Tuesday, March 21, 2017

An Early Fail (and What I Did About it)

Still getting myself up to speed with Mickey Trescott's and Angie Alt's book, I'm trying to implement a few more of the suggestions, here and there.  I liked the idea of gelatin gummies, and I thought I had some of the ingredients, so I gave 'em a whirl.  I made juice from frozen wild blueberries and followed the recipe.  I had Great Lakes Collagen, which I've used for smoothies in the past, so I figured it would be as good as Great Lakes Gelatin.

Nope.

It's hard to tell in this still photo, but this panful is still liquid after chilling overnight.  I hated to waste it, so I poured it into the Vitamix with lots of ice.  I had to do it in batches, because it got very big and fluffy!

Here's about a quarter of the collagen/blueberry concoction, which is probably plenty to have at one time since the honey from the recipe makes it pretty sweet.  It was light and fluffy, more like a mousse than a smoothie. I kept the rest of the liquid in a mason jar in the fridge until I was ready for another blueberry mousse drink.
The carton of gelatin should be arriving tomorrow, and then I'll try to do it right.

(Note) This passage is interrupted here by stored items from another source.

Lemma probL_rcons s x : probL (rcons s x) =
  Rmult (probL s)
        (if x \in usedL s (size s) then R0 else Rinv (INR (N - posN (size s)))).
Proof.
rewrite /probL size_rcons iota0S -cats1 prodR_cat /= Rmult_1_r; congr Rmult.
  apply: prodR_ext_in => i; rewrite mem_iota => /andP[_ Hi].
  by rewrite /stepL (usedL_rcons x (ltnW Hi)) nth_rcons Hi.
by rewrite /stepL (usedL_rcons x (leqnn _)) nth_rcons ltnn eqxx.
Qed.

Lemma cntL_rcons s x : cntL (rcons s x) = cntL s + ((size s != 0) && (x == 0)).
Proof.
rewrite /cntL size_rcons iota0S -[rcons (iota _ _) _]cats1 count_cat /= nth_rcons ltnn eqxx addn0.
by congr addn; apply: eq_in_count => j; rewrite mem_iota => /andP[_ Hj]; rewrite nth_rcons Hj.
Qed.

Lemma busy_rcons s x : busy (rcons s x) = ~~ (N %| (size s).+1) && (busy s || (x == 0)).
Proof.
rewrite /busy size_rcons usedL_succ usedL_rcons // nth_rcons ltnn eqxx.
by case: (N %| _) => //=; rewrite mem_rcons in_cons orbC eq_sym.
Qed.

Lemma usedL_invariant s :
  probL s <> R0 -> uniq (usedL s (size s)) /\ size (usedL s (size s)) = posN (size s).
Proof.
elim/last_ind: s => [|s x IH] Hs; first by rewrite /usedL /Defs.pos mod0n.
have [Hs' Hx] : probL s <> R0 /\ x \notin usedL s (size s).
  move: Hs; rewrite probL_rcons; case: (x \in _); first by rewrite Rmult_0_r.
  by move=> H; split => // H0; apply: H; rewrite H0 Rmult_0_l.
have [U1 U2] := IH Hs'.
rewrite size_rcons usedL_succ usedL_rcons // nth_rcons ltnn eqxx /Defs.pos modnS.
by case: (N %| (size s).+1) => //; rewrite rcons_uniq Hx U1 size_rcons U2.
Qed.

Lemma sumR_free (U : seq nat) (al be : R) : uniq U -> all (fun x => x < N) U ->
  sumR (iota 0 N) (fun x => if x \in U then R0 else if x == 0 then al else be) =
  Rplus (if 0 \in U then R0 else al) (Rmult be (INR (N - size U - (0 \notin U)))).
Proof.
move=> HU Ha.
have Hc : count (mem U) (iota 0 N) = size U.
  rewrite -size_filter; apply/perm_size/uniq_perm => //; first exact/filter_uniq/iota_uniq.
  move=> y; rewrite mem_filter mem_iota /=; apply/andP/idP => [[] //| Hy].
  by split => //; move/allP: Ha => /(_ y Hy).
have EN : N = N.-1.+1 by lia.
rewrite EN /= in Hc *; congr Rplus.
rewrite (@sumR_ext_in _ _ _ (fun x => if predC (mem U) x then be else R0)); last first.
  move=> y; rewrite mem_iota => /andP[Hy _] /=.
  by case: (y \in U) => //=; case: eqP => // E; rewrite E in Hy.
rewrite sumR_const_count; congr (Rmult _ (INR _)).
have := count_predC (mem U) (iota 1 N.-1); rewrite size_iota.
by move: Hc; rewrite -EN; case: (0 \in U) => /=; lia.
Qed.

Experimenting with a failed recipe attempt is a good way to learn about how these unusual ingredients behave.  Now I know.  Waste not, want not!

Monday, March 20, 2017

Leaning Back In

I'm working my way back to health again.  Here's an example of what I've been eating lately, besides the bone broth and piles of greens.  Organic chicken livers, onions, mushrooms, Brussels sprouts, rapini, kale and garlic star in this healthy bowl.  This is not a recipe, it just checks the boxes of what I already know to be nutritionally dense, inflammation-free food.

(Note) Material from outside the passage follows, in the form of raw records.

(* Let $k$ be any field and $d$ a positive integer. For every $u\in k_0\langle X\rangle$, $[S_d(x_1,\ldots,x_d),u]\in R_1^{(d)}$.
   Context: $X=\{x_1,x_2,\ldots\}$ is a countably infinite set and $k_0\langle X\rangle$ is the free associative $k$-algebra (without identity) on $X$. A $T$-space is a $k$-linear subspace closed under every algebra endomorphism of $k_0\langle X\rangle$; the $T$-space generated by a subset is the smallest $T$-space containing it. $S_d(v_1,\ldots,v_d)=\sum_{\sigma\in\Sigma_d}\prod_{i=1}^d v_{\sigma(i)}$, and $R_1^{(d)}$ is the $T$-space generated by $S_d(x_1,\ldots,x_d)$. $[a,b]=ab-ba$. *)

From HB Require Import structures.
From mathcomp Require Import all_boot all_order all_algebra all_fingroup.
From mathcomp Require Import monalg.
Set Implicit Arguments. Unset Strict Implicit. Unset Printing Implicit Defensive.
Import GRing.Theory.
Local Open Scope ring_scope.

(* k<X> : the free associative unital k-algebra on X = {x_i | i : nat},
   realised as the monoid algebra of the free monoid {fmonom nat}
   (words over nat, concatenation). *)
Definition freeAlg (k : fieldType) := {malg k[{fmonom nat}]}.

Definition xvar (k : fieldType) (i : nat) : freeAlg k := << @fmu nat i >>.

(* k_0<X> : the non-unital free algebra on X, i.e. the span of the nonempty
   words = the elements of k<X> whose coefficient at the empty word is 0. *)
Definition emptyword : {fmonom nat} := FMonom [::].
Definition in_free0 (k : fieldType) (p : freeAlg k) : Prop := p@_emptyword = 0.

(* Algebra endomorphisms of k_0<X> (k-linear, multiplicative maps
   k_0<X> -> k_0<X>), given as maps on k<X> whose behaviour is only
   constrained on k_0<X>. *)
Definition is_endo0 (k : fieldType) (phi : freeAlg k -> freeAlg k) : Prop :=
  [/\ (forall p, in_free0 p -> in_free0 (phi p)),
      (forall (a : k) p q, in_free0 p -> in_free0 q ->
          phi (a *: p + q) = a *: phi p + phi q) &
      (forall p q, in_free0 p -> in_free0 q -> phi (p * q) = phi p * phi q)].

Definition is_Tspace (k : fieldType) (V : freeAlg k -> Prop) : Prop :=
  [/\ (forall p, V p -> in_free0 p),
      V 0,
      (forall (a : k) p q, V p -> V q -> V (a *: p + q)) &
      (forall phi, is_endo0 phi -> forall p, V p -> V (phi p))].

Definition Tspace_gen (k : fieldType) (S : freeAlg k -> Prop) (v : freeAlg k) : Prop :=
  forall V, is_Tspace V -> (forall p, S p -> V p) -> V v.

(* S_d(v_1,...,v_d) = sum_{sigma in Sigma_d} prod_{i=1}^d v_{sigma(i)}
   (ordered product, indices shifted to 'I_d = {0,...,d-1}). *)
Definition Spoly (k : fieldType) (d : nat) (v : 'I_d -> freeAlg k) : freeAlg k :=
  \sum_(s : 'S_d) \prod_(i < d) v (s i).

Definition Sd (k : fieldType) (d : nat) : freeAlg k :=
  Spoly (fun i : 'I_d => xvar k i.+1).

Definition R1 (k : fieldType) (d : nat) : freeAlg k -> Prop :=
  Tspace_gen (fun p => p = Sd k d).

Definition comm (k : fieldType) (a b : freeAlg k) : freeAlg k := a * b - b * a.

(* For a word w_0 ... w_(n-1), the commutator (w_0 ... w_(n-1)) u - u (w_0 ... w_(n-1))
   telescopes into the sum over positions p of w_0 ... (w_p u) ... w_(n-1) minus
   w_0 ... (u w_p) ... w_(n-1): the p-th term moves u from just left of w_p to just
   right of it.  Summing over the orderings of x_1, ..., x_d gives
     [S_d(x_1,...,x_d), u] = sum_j S_d(..., x_j u, ...) - S_d(..., u x_j, ...),
   and every S_d(g_1, ..., g_d) with g_i in k_0<X> lies in R_1^(d), being the image of
   S_d(x_1, ..., x_d) under the endomorphism x_i |-> g_i. *)

From HB Require Import structures.
From mathcomp Require Import all_boot all_order all_algebra all_fingroup.
From mathcomp Require Import monalg.
Set Implicit Arguments. Unset Strict Implicit. Unset Printing Implicit Defensive.
Import GRing.Theory.
Local Open Scope ring_scope.

Definition map_at (A : Type) n (v : 'I_n -> A) (j : 'I_n) (f : A -> A) (i : 'I_n) : A :=
  if i == j then f (v i) else v i.

Lemma sum_map_at_commr (A : pzRingType) n (w : 'I_n -> A) (u : A) :
  \sum_(p < n) (\prod_(i < n) map_at w p ( *%R^~ u) i - \prod_(i < n) map_at w p ( *%R u) i)
  = (\prod_(i < n) w i) * u - u * \prod_(i < n) w i.
Proof.
rewrite /map_at; elim: n w => [|n IHn] w; first by rewrite !big_ord0 mul1r mulr1 subrr.
pose wid := widen_ord (leqnSn n).
have wid_max (i : 'I_n) : (wid i == ord_max) = false by rewrite -val_eqE /= ltn_eqF.
have insert_max (f : 'I_n.+1 -> A) :
    \prod_(i < n.+1) (if i == ord_max then f i else w i)
    = (\prod_(i < n) w (wid i)) * f ord_max.
  by rewrite big_ord_recr eqxx; congr (_ * _); apply: eq_bigr => i _; rewrite wid_max.
have insert_wid (f : 'I_n.+1 -> A) (p : 'I_n) :
    \prod_(i < n.+1) (if i == wid p then f i else w i)
    = (\prod_(i < n) (if i == p then f (wid i) else w (wid i))) * w ord_max.
  by rewrite big_ord_recr /= eq_sym wid_max.
rewrite big_ord_recr /=.
under eq_bigr => p _ do rewrite !insert_wid -mulrBl.
rewrite !insert_max -mulr_suml (IHn (fun i => w (wid i))) big_ord_recr /=.
by rewrite mulrBl !mulrA addrC addrA subrK.
Qed.

Lemma commr_sum_perm_prod (A : pzRingType) d (v : 'I_d -> A) (u : A) :
  (\sum_(s : 'S_d) \prod_(i < d) v (s i)) * u - u * \sum_(s : 'S_d) \prod_(i < d) v (s i)
  = \sum_(j < d) (\sum_(s : 'S_d) \prod_(i < d) map_at v j ( *%R^~ u) (s i)
                 - \sum_(s : 'S_d) \prod_(i < d) map_at v j ( *%R u) (s i)).
Proof.
rewrite mulr_suml mulr_sumr -sumrB.
under [RHS]eq_bigr => j _ do rewrite -sumrB.
rewrite exchange_big /=; apply: eq_bigr => s _.
rewrite -(sum_map_at_commr (fun i => v (s i))) [RHS](reindex_inj (@perm_inj _ s)) /=.
by apply: eq_bigr => p _; rewrite /map_at; congr (_ - _); apply: eq_bigr => i _;
  rewrite (inj_eq perm_inj).
Qed.

Section NonunitalFreeAlgebra.
Variable k : fieldType.
Implicit Types p q : freeAlg k.

Lemma in_free0E p : in_free0 p = (p@_(mone : {fmonom nat}) = 0).
Proof. by rewrite /in_free0 /emptyword -fmoneE. Qed.

Lemma in_free0_mull p q : in_free0 p -> in_free0 (p * q).
Proof. by rewrite !in_free0E rmorphM /= => ->; rewrite mul0r. Qed.

Lemma in_free0_mulr p q : in_free0 q -> in_free0 (p * q).
Proof. by rewrite !in_free0E rmorphM /= => ->; rewrite mulr0. Qed.

Lemma in_free0_xvar i : in_free0 (xvar k i).
Proof. by rewrite in_free0E mcoeffU fm1_eq1. Qed.

End NonunitalFreeAlgebra.

Lemma mul_malgCr (K : monomType) (R : comNzRingType) (c : R) (g : {malg R[K]}) :
  g * c%:MP = c *: g.
Proof.
rewrite malgM_def malgZ_def fgmulgU /fgscale.
by apply: eq_bigr => m _; rewrite mulrC mulm1.
Qed.

Section Substitution.
Variables (k : fieldType) (F : nat -> freeAlg k).

Definition subst_word (m : {fmonom nat}) : freeAlg k := \prod_(i <- (m : seq nat)) F i.

Lemma subst_word_is_mmorphism : mmorphism subst_word.
Proof. by split=> [m1 m2|]; rewrite /subst_word ?fmM ?big_cat // fm1 big_nil. Qed.

HB.instance Definition _ :=
  isMultiplicative.Build {fmonom nat} (freeAlg k) subst_word subst_word_is_mmorphism.

Definition subst : freeAlg k -> freeAlg k := mmap (@malgC _ k) subst_word.

HB.instance Definition _ := GRing.Additive.copy subst (mmap (@malgC _ k) subst_word).

Lemma subst_is_multiplicative : multiplicative subst.
Proof.
by apply: commr_mmap_is_multiplicative => p m m'; rewrite /GRing.comm mul_malgC mul_malgCr.
Qed.

HB.instance Definition _ :=
  GRing.isMultiplicative.Build (freeAlg k) (freeAlg k) subst subst_is_multiplicative.

Lemma substZ (a : k) p : subst (a *: p) = a *: subst p.
Proof. by rewrite /subst mmapZ mul_malgC. Qed.

Lemma subst_xvar i : subst (xvar k i) = F i.
Proof. by rewrite /subst /xvar mmapU /= /subst_word fmU big_seq1 mpolyC1E mul1r. Qed.

Lemma subst_Spoly d (v : 'I_d -> freeAlg k) :
  subst (Spoly v) = Spoly (fun i => subst (v i)).
Proof. by rewrite rmorph_sum; apply: eq_bigr => s _; rewrite rmorph_prod. Qed.

Hypothesis F_free0 : forall i, in_free0 (F i).

Lemma in_free0_subst_word m : m != mone -> in_free0 (subst_word m).
Proof.
case: m => [[|i s]] nonempty; first by rewrite -fmoneE eqxx in nonempty.
by rewrite /subst_word big_cons; apply: in_free0_mull.
Qed.

Lemma in_free0_subst p : in_free0 p -> in_free0 (subst p).
Proof.
rewrite !in_free0E => p0; rewrite /subst mmapE raddf_sum big1 // => m _.
rewrite /= mcoeffCM; have [->|nonempty] := eqVneq m mone; first by rewrite p0 mul0r.
by move/in_free0_subst_word: nonempty; rewrite in_free0E => ->; rewrite mulr0.
Qed.

Lemma subst_is_endo0 : is_endo0 subst.
Proof.
split=> [|a p q _ _|p q _ _]; first exact: in_free0_subst.
  by rewrite rmorphD /= substZ.
exact: rmorphM.
Qed.

End Substitution.

Section GeneratedTspace.
Variables (k : fieldType) (S : freeAlg k -> Prop).
Implicit Types p q : freeAlg k.

Lemma Tspace_gen_base p : S p -> Tspace_gen S p.
Proof. by move=> Sp V _; apply. Qed.

Lemma Tspace_gen_endo0 (phi : freeAlg k -> freeAlg k) p :
  is_endo0 phi -> Tspace_gen S p -> Tspace_gen S (phi p).
Proof.
by move=> endo_phi Sp V TV SV; case: (TV) => _ _ _ endo_closed; apply: endo_closed (Sp V TV SV).
Qed.

Lemma Tspace_gen_lin (a : k) p q :
  Tspace_gen S p -> Tspace_gen S q -> Tspace_gen S (a *: p + q).
Proof.
by move=> Sp Sq V TV SV; case: (TV) => _ _ lin _; apply: lin; [apply: Sp | apply: Sq].
Qed.

Lemma Tspace_genB p q : Tspace_gen S p -> Tspace_gen S q -> Tspace_gen S (p - q).
Proof. by move=> Sp Sq; rewrite addrC -scaleN1r; apply: Tspace_gen_lin. Qed.

Lemma Tspace_gen_sum (I : Type) (r : seq I) (P : pred I) (F : I -> freeAlg k) :
  (forall i, P i -> Tspace_gen S (F i)) -> Tspace_gen S (\sum_(i <- r | P i) F i).
Proof.
move=> SF; apply: big_ind => //; first by move=> V [].
by move=> p q Sp Sq; rewrite -[p]scale1r; apply: Tspace_gen_lin.
Qed.

End GeneratedTspace.

Lemma R1_Spoly (k : fieldType) d (g : 'I_d -> freeAlg k) :
  (forall i, in_free0 (g i)) -> @R1 k d (Spoly g).
Proof.
move=> g_free0.
pose F n := if n is m.+1 then (if insub m is Some i then g i else 0) else 0.
have F_free0 n : in_free0 (F n).
  have free0_0 : in_free0 (0 : freeAlg k) by rewrite in_free0E raddf0.
  by case: n => [|m] //=; case: insub.
have -> : Spoly g = subst F (Sd k d).
  rewrite subst_Spoly; apply: eq_bigr => s _; apply: eq_bigr => i _.
  by rewrite subst_xvar /F valK.
by apply: Tspace_gen_endo0; [exact: subst_is_endo0 | exact: Tspace_gen_base].
Qed.

Theorem corollary2p1 (k : fieldType) (d : nat) (hd : (0 < d)%N)
    (u : freeAlg k) (hu : in_free0 u) :
  @R1 k d (comm (Sd k d) u).
Proof.
rewrite /comm /Sd (commr_sum_perm_prod (fun i : 'I_d => xvar k i.+1)).
apply: Tspace_gen_sum => j _; apply: Tspace_genB; apply: R1_Spoly => i;
  have := in_free0_xvar k i.+1; rewrite /map_at; case: ifP => _ x_free0;
  by [apply: in_free0_mull | apply: in_free0_mulr | ].
Qed.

This time I'm inspired by a new cookbook and lifestyle management book, The Autoimmune Wellness Handbook, by Mickey Trescott and Angie Alt.  Check out their website at: AutoimmuneWellness.com

While I still utilize The Wahls Protocol a lot, especially for the delicious and easy recipes, I realize in hindsight that there's so much psychology that goes into a lifestyle change of any kind.  I felt worse about myself while I was striving to meet the requirements of the Protocol.  Dr. Wahls is a physician who healed herself from progressive MS with a specific, paleo diet based upon clinical trials that she first performed on herself, and then on others.  When I endeavored to follow the protocol last year, I never felt I got it right.  Eating meat so often made it difficult to consume the 9 cups of vegetables required.  I only successfully checked all the boxes one day out of the 6 months or so that I tried.  I didn't feel better -- stronger, but much more tired.  I felt foggier and more moody.  I felt I wasn't giving the Protocol the proper chance, but without feeling better from what I was able to consume, I wasn't inspired to continue.  Ultimately, I missed the easy, light-hearted, even-tempered vegan lifestyle I'd been following prior to trying Wahls, and I went back to it, for the most part, only continuing to eat salmon.  I still LOVE vegetables most of all! I felt less inept and less moody being mostly vegan again, so I was in denial for a while about the fact that the MS symptoms persisted, along with new symptoms I've since learned are from other autoimmune challenges.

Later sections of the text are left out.